### Problem details
Where does the string "Printing" appear in the records? Copy every line that contains it.

(Beginning of Entries supplied)

(* Suppose Assumptions 1–6 hold. Then (i) $m_n^{**}\to\infty$ as $n\to\infty$; (ii) $R_n(m_n^* )\to\infty$ and $R_n(\mathbf w_n^* )\to\infty$ as $n\to\infty$ (for any choice of $M_n$ with $2\le M_n\le q_n$).
   Context: Setting. For each sample size $n$ one observes $\mathbf y=\boldsymbol\mu+\boldsymbol\varepsilon\in\mathbb R^n$ with $\boldsymbol\mu=\mathbf X\boldsymbol\beta$, where $\mathbf X=(x_{ij})$ is a nonstochastic $n\times p_n$ matrix with $p_n<n$, $\boldsymbol\beta\in\mathbb R^{p_n}$, $E(\boldsymbol\varepsilon)=\mathbf 0$ and $\mathrm{Cov}(\boldsymbol\varepsilon)=\boldsymbol\Omega$ positive definite (all may depend on $n$). Fix integers $0=\nu_0<\nu_1<\cdots<\nu_{q_n}=p_n$. For $m=1,\dots,q_n$, $\mathbf X_m$ is the $n\times\nu_m$ matrix of the first $\nu_m$ columns of $\mathbf X$ (full column rank), $\mathbf P_m=\mathbf X_m(\mathbf X_m^\top\mathbf X_m)^{-1}\mathbf X_m^\top$, $\mathbf P_0=\mathbf 0$. Candidate models are $m\in\{1,\dots,M_n\}$, $2\le M_n\le q_n$. $R_n(m)=E\|\mathbf P_m\mathbf y-\boldsymbol\mu\|^2$; for $\mathbf w\in\mathbb R^{M_n}$, $R_n(\mathbf w)=E\|\sum_{m=1}^{M_n}w_m\mathbf P_m\mathbf y-\boldsymbol\mu\|^2$. $\mathcal W_n=\{\mathbf w\in[0,1]^{M_n}:\sum_m w_m=1\}$. $m_n^*$ minimizes $R_n(m)$ over $\{1,\dots,M_n\}$, $m_n^{**}$ minimizes $R_n(m)$ over $\{1,\dots,q_n\}$, $\mathbf w_n^*$ minimizes $R_n(\mathbf w)$ over $\mathcal W_n$ (all assumed unique). $\theta_{n,m}=\dfrac{n^{-1}\boldsymbol\mu^\top(\mathbf P_m-\mathbf P_{m-1})\boldsymbol\mu}{\mathrm{tr}\{(\mathbf P_m-\mathbf P_{m-1})\boldsymbol\Omega\}}$ for $m=1,\dots,q_n$, and $d_n=\max\{m:\theta_{n,m}>0\}$. Assumption 1: $\|\boldsymbol\mu\|^2/n=O(1)$. Assumption 2: constants $0<c_1\le c_2<\infty$ with $c_1<\lambda_{\min}(\boldsymbol\Omega)\le\lambda_{\max}(\boldsymbol\Omega)<c_2$. Assumption 3: for each sufficiently large $n$, $\theta_{n,1}\ge\cdots\ge\theta_{n,q_n}$. Assumption 4: there is a constant $V\ge1$ with $\max_{1\le m\le d_n}(\nu_m-\nu_{m-1})\le V$ for all large $n$. Assumption 5: for every fixed positive integer $m$ there are constants $\bar\theta_m>0$ and $K_m>0$ such that for all $n\ge K_m$, $m\le d_n$ and $\theta_{n,m}\ge\bar\theta_m$. Assumption 6: for each sufficiently large $n$ there is $m_n'\in\{1,\dots,d_n-1\}$ with $R_n(m)<R_n(m-1)$ for $2\le m\le m_n'$, $R_n(m)\ge R_n(m-1)$ for $m_n'<m\le d_n$, and $R_n(d_n)>R_n(d_n-1)$. *)

From HB Require Import structures.
From mathcomp Require Import all_boot all_order all_algebra.
From mathcomp Require Import reals.
Set Implicit Arguments. Unset Strict Implicit. Unset Printing Implicit Defensive.
Import Order.TTheory GRing.Theory Num.Theory.
Local Open Scope ring_scope.

Section ModelAveraging.
Variable R : realType.

(* selection matrix: X *m sel p k = first k columns of X (when k <= p) *)
Definition sel (p k : nat) : 'M[R]_(p, k) :=
  \matrix_(i < p, j < k) (((i : nat) == (j : nat)) %:R).

Definition firstcols (n p : nat) (X : 'M[R]_(n, p)) (k : nat) : 'M[R]_(n, k) :=
  X *m sel p k.

(* hat / projection matrix X_k (X_k^T X_k)^{-1} X_k^T ; equals 0 for k = 0 *)
Definition proj (n p : nat) (X : 'M[R]_(n, p)) (k : nat) : 'M[R]_n :=
  let Xk := firstcols X k in Xk *m invmx (Xk^T *m Xk) *m Xk^T.

Definition sqnorm (n : nat) (v : 'cV[R]_n) : R := \sum_(i < n) (v i 0) ^+ 2.

(* E || A y - mu ||^2 for y = mu + eps, E eps = 0, Cov eps = Om *)
Definition risk (n : nat) (mu : 'cV[R]_n) (Om : 'M[R]_n) (A : 'M[R]_n) : R :=
  sqnorm ((A - 1%:M) *m mu) + \tr (A *m Om *m A^T).

Definition risk_m (n p : nat) (X : 'M[R]_(n, p)) (beta : 'cV[R]_p) (Om : 'M[R]_n)
  (nu : nat -> nat) (m : nat) : R :=
  risk (X *m beta) Om (proj X (nu m)).

(* R_n(w), w : 'rV_M, coordinate i <-> model i+1 *)
Definition risk_w (n p : nat) (X : 'M[R]_(n, p)) (beta : 'cV[R]_p) (Om : 'M[R]_n)
  (nu : nat -> nat) (M : nat) (w : 'rV[R]_M) : R :=
  risk (X *m beta) Om (\sum_(i < M) w 0 i *: proj X (nu i.+1)).

Definition simplexW (M : nat) (w : 'rV[R]_M) : Prop :=
  (forall i : 'I_M, 0 <= w 0 i <= 1) /\ \sum_(i < M) w 0 i = 1.

Definition theta (n p : nat) (X : 'M[R]_(n, p)) (beta : 'cV[R]_p) (Om : 'M[R]_n)
  (nu : nat -> nat) (m : nat) : R :=
  let mu := X *m beta in
  let D := proj X (nu m) - proj X (nu m.-1) in
  (n%:R^-1 * (mu^T *m D *m mu) 0 0) / \tr (D *m Om).

(* d_n = max { m in 1..q : theta_{n,m} > 0 } (0 if empty) *)
Definition dn (n p : nat) (X : 'M[R]_(n, p)) (beta : 'cV[R]_p) (Om : 'M[R]_n)
  (nu : nat -> nat) (q : nat) : nat :=
  \max_(m < q.+1 | (0 < (m : nat))%N && (0 < theta X beta Om nu m)) (m : nat).

Definition posdef (n : nat) (A : 'M[R]_n) : Prop :=
  A^T = A /\ forall x : 'cV[R]_n, x != 0 -> 0 < (x^T *m A *m x) 0 0.

(* c1 < lambda_min(A) <= lambda_max(A) < c2 : every (real) eigenvalue of the
   symmetric matrix A lies in the open interval (c1, c2) *)
Definition eig_between (n : nat) (A : 'M[R]_n) (c1 c2 : R) : Prop :=
  forall a : R, eigenvalue A a -> c1 < a < c2.

End ModelAveraging.

From HB Require Import structures.
From mathcomp Require Import all_boot all_order all_algebra.
From mathcomp Require Import reals complex.
From mathcomp Require Import ring lra.
Import Order.TTheory GRing.Theory Num.Theory.
Local Open Scope ring_scope.

(* R_n(m) is the bias |(I - P_m) mu|^2 plus the variance tr(P_m Om P_m), and the increments
   D_m = P_m - P_{m-1} are orthogonal projections with mu^T D_m mu = n theta_m tr(D_m Om) and
   tr(D_m Om) >= c1, where c1 bounds the spectrum of Om from below.  Hence
   R_n(m) - R_n(m-1) = tr(D_m Om) (1 - n theta_m), which is negative as soon as n theta_m > 1;
   by Assumptions 3 and 5 this eventually holds for every m up to any fixed K, so the risk
   minimiser escapes every bound.  For (ii), fix K.  Any average A = sum_i w_i P_i acts on the
   range of D_j as a scalar a_j, with a_j >= a_K for j <= K, so its bias is at least
   (1 - a_K)^2 mu^T D_K mu >= (1 - a_K)^2 n theta_K c1 and its variance at least c1 K a_K^2.
   Taking K and then n large makes both coefficients at least 2B, and
   u a^2 + v (1 - a)^2 >= B whenever u, v >= 2B. *)

Set Implicit Arguments.
Unset Strict Implicit.
Unset Printing Implicit Defensive.

Definition qform (R : pzRingType) n (A : 'M[R]_n) (x : 'cV[R]_n) : R :=
  (x^T *m A *m x) 0 0.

(End of Entries supplied)

### Task solution
Set Implicit Arguments. Unset Strict Implicit. Unset Printing Implicit Defensive.
Unset Printing Implicit Defensive.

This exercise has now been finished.